Reba Felix, Saifudin Toha, Hendradi Rimuljo
Doctoral Program of Mathematics and Natural Sciences, Faculty of Sciences and Technology, Universitas Airlangga, Surabaya, Indonesia.
Mathematics Department, Faculty of Sciences and Technology, Universitas Airlangga, Surabaya, Indonesia.
MethodsX. 2025 Aug 27;15:103586. doi: 10.1016/j.mex.2025.103586. eCollection 2025 Dec.
Goodness-of-Fit (GoF) tests are applied to assess the suitability of probability distributions for environmental data. However, classical methods such as Kolmogorov-Smirnov (KS) and Anderson-Darling (AD) often yield inconsistent outcomes in heterogeneous datasets. Previous studies employed clustering or mixture modeling separately, lacking integration with automated estimation and adaptive weighting. This study introduces a unified framework combining GoF evaluation, K-Means++ clustering, and a KS-weighted mixture model to enhance distribution selection. Seventeen univariate probability distributions were tested on chlorophyll concentration data from the Black Sea, with adequacy assessed via KS and AD tests and five information criteria. The framework was implemented via a MATLAB GUI to automate clustering, estimation, model selection, and evaluation steps. Tested across multiple sample sizes and extended to variables, the GUI demonstrated adaptability and robustness. Model performance showed that the KS-weighted mixture model provided stable fits for complex datasets, improving interpretability and reducing reliance on single-distribution assumptions. Integrates GoF testing, clustering, and mixture modeling Implements a reproducible workflow via MATLAB GUI Enhances robustness and positions mixture modeling within environmental data analysis.

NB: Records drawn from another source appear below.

Lemma card_paths2 : #|paths2| = #|T|.-1.
Proof.
rewrite -(cardsC1 w) -(card_in_imset (f := snd)).
  apply: eq_card => u; rewrite !inE; apply/imsetP/idP => [[[x u']]|uw].
    by rewrite inE => /and3P[_ _ ?] ->.
  have /andP[wx ux] := common_nbrP (common_nbr_w uw).
  by exists (common_nbr w u, u); rewrite // inE /= wx adjC ux.
move=> [x u] [x' u'] /[!inE] /= /and3P[wx xu uw] /and3P[wx' xu' _] /= eq_u; subst u'.
have wu : w != u by rewrite eq_sym.
by rewrite (C4freeE wu wx _ wx' (_ : adj u x')) // adjC.
Qed.

Definition flip_path2 (p : T * T) : T * T :=
  let: (x, u) := p in
  if u == common_nbr x w then (u, x) else (x, common_nbr x u).

Lemma flip_path2P p : p \in paths2 ->
  [/\ flip_path2 p \in paths2, flip_path2 (flip_path2 p) = p & flip_path2 p != p].
Proof.
case: p => x u; rewrite inE /= => /and3P[wx xu uw].
have xw : x != w by rewrite eq_sym adj_neq.
have := common_nbr_w xw; rewrite has_common_nbrC => /common_nbrP/andP[xz wz].
set z := common_nbr x w in xz wz *.
have /andP[xv uv] := common_nbrP (common_nbr_path wx xu uw).
set v := common_nbr x u in xv uv *.
rewrite /flip_path2; case: eqP => [uz | /eqP uz].
  subst u; have zx : adj z x by rewrite adjC.
  rewrite inE /= wz zx xw (common_nbr_eq uw zx wx) eqxx; split=> //.
  by apply/negP => /eqP[xz_eq]; move: (adj_neq xz); rewrite xz_eq eqxx.
have vw : v != w.
  by apply: contraNneq uz => vw; rewrite /z (common_nbr_eq xw xu) // adjC -vw.
have vz : v != z.
  apply: contraNneq (adj_neq xv) => vz.
  have wu : w != u by rewrite eq_sym.
  by rewrite (C4freeE wu wx (_ : adj u x) _ uv) ?vz // adjC.
rewrite inE /= wx xv vw (negbTE vz) (common_nbr_eq (adj_neq xv) xu) 1?adjC //.
by split=> //; apply/negP => /eqP[/eqP]; rewrite eq_sym (negbTE (adj_neq uv)).
Qed.

Lemma odd_card_of_common_nbrs : odd #|T|.
Proof.
have card_gt0 : 0 < #|T| by apply/card_gt0P; exists w.
rewrite -(prednK card_gt0) /= -card_paths2.
by apply: (even_card_involution (f := flip_path2)) => p /flip_path2P[].
Qed.

End Parity.

(* When #|T| is even one of the two picks succeeds (spare_pairP), so the
   default (w, w) is never reached. *)
Definition spare_pair w : T * T :=
  if [pick u | (u != w) && ~~ has_common_nbr w u] is Some u then (w, u)
  else if [pick p : T * T |
             [&& adj p.1 w, adj p.1 p.2, p.2 != w & ~~ has_common_nbr p.1 p.2]]
    is Some p then (p.2, w) else (w, w).

Lemma spare_pairP w : ~~ odd #|T| ->
  (exists2 u, spare_pair w = (w, u) & (u != w) && ~~ has_common_nbr w u) \/
  (exists x y, [/\ spare_pair w = (y, w), adj x w, adj x y, y != w
                 & ~~ has_common_nbr x y]).
Proof.
move=> evenT; rewrite /spare_pair.
case: pickP => [u uP | no_u]; first by left; exists u.
case: pickP => [[x y] /and4P[xw xy yw nxy] | no_xy]; first by right; exists x, y.
case/negP: evenT; apply: (odd_card_of_common_nbrs (w := w)).
  by move=> u uw; move: (no_u u); rewrite uw /= => /negbFE.
by move=> x u wx xu uw; move: (no_xy (x, u)); rewrite /= adjC wx xu uw /= => /negbFE.
Qed.

Definition paw_pair (q : T * T * T * T) := let: (_, b, _, d) := q in (b, d).

Definition triangle_pair (t : T * T * T) := let: (_, b, c) := t in (b, c).

Lemma card_paw_pairs : #|paw_pair @: paw_tuples| = #|paw_tuples|.
Proof.
apply: card_in_imset => -[[[a b] c] d] [[[a' b'] c'] d'] /[!inE] /=.
move=> /and4P[ab ac bc /and3P[ad db _]] /and4P[ab' ac' bc' /and3P[ad' _ _]] [eb ed].
subst b' d'; have bd : b != d by rewrite eq_sym.
have ea : a = a' by apply: (C4freeE bd); rewrite // adjC.
subst a'; suff -> : c = c' by [].
by apply: (C4freeE (adj_neq ab)); rewrite // adjC.
Qed.

Lemma card_triangle_pairs : #|triangle_pair @: triangles| = #|triangles|.
Proof.
apply: card_in_imset => -[[a b] c] [[a' b'] c'] /[!inE] /=.
move=> /and3P[ab ac bc] /and3P[ab' ac' _] [eb ec]; subst b' c'.
suff -> : a = a' by [].
by apply: (C4freeE (adj_neq bc)); rewrite // adjC.
Qed.

Lemma disjoint_paw_triangle_pairs :
  [disjoint paw_pair @: paw_tuples & triangle_pair @: triangles].
Proof.
apply/pred0P => p /=; apply/negP => /andP[/imsetP[[[[a b] c] d] qP ->]].
case/imsetP=> -[[a' b'] c']; rewrite inE => /and3P[ab' ad' bd'] [eb ed]; subst b' c'.
move: qP; rewrite inE => /and4P[ab ac bc /and3P[ad db dc]].
have bd : b != d by rewrite eq_sym.
have ea : a = a' by apply: (C4freeE bd); rewrite // adjC.
subst a'; move: dc; suff -> : d = c by rewrite eqxx.
exact: (C4freeE (adj_neq ab)).
Qed.

Section EvenOrder.
Hypothesis evenT : ~~ odd #|T|.

Lemma spare_pair_inj : injective spare_pair.
Proof.
move=> w w'.
case: (spare_pairP w evenT) => [[u -> /andP[_ nwu]] | [x [y [-> xw xy _ _]]]];
case: (spare_pairP w' evenT) => [[u' -> /andP[_ nwu']] | [x' [y' [-> xw' xy' _ _]]]].
- by case.
- case=> wy uw; move: nwu; rewrite wy uw (has_common_nbrI (z := x')) // adjC //.
- case=> yw wu; move: nwu'; rewrite -yw -wu (has_common_nbrI (z := x)) // adjC //.
- by case.
Qed.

拟合优度(GoF)检验用于评估概率分布对环境数据的适用性。然而,诸如柯尔莫哥洛夫-斯米尔诺夫(KS)和安德森- Darling(AD)等经典方法在异质数据集中往往会产生不一致的结果。以往的研究分别采用聚类或混合建模,缺乏与自动估计和自适应加权的整合。本研究引入了一个统一的框架,将GoF评估、K-Means++聚类和KS加权混合模型相结合,以增强分布选择。对来自黑海的叶绿素浓度数据测试了17种单变量概率分布,并通过KS和AD检验以及五个信息准则评估其充分性。该框架通过MATLAB GUI实现,以自动化聚类、估计、模型选择和评估步骤。在多个样本量上进行测试并扩展到变量,该GUI展示了适应性和稳健性。模型性能表明,KS加权混合模型为复杂数据集提供了稳定的拟合,提高了可解释性并减少了对单分布假设的依赖。集成了GoF测试、聚类和混合建模 通过MATLAB GUI实现了可重复的工作流程 增强了稳健性,并将混合建模定位在环境数据分析中。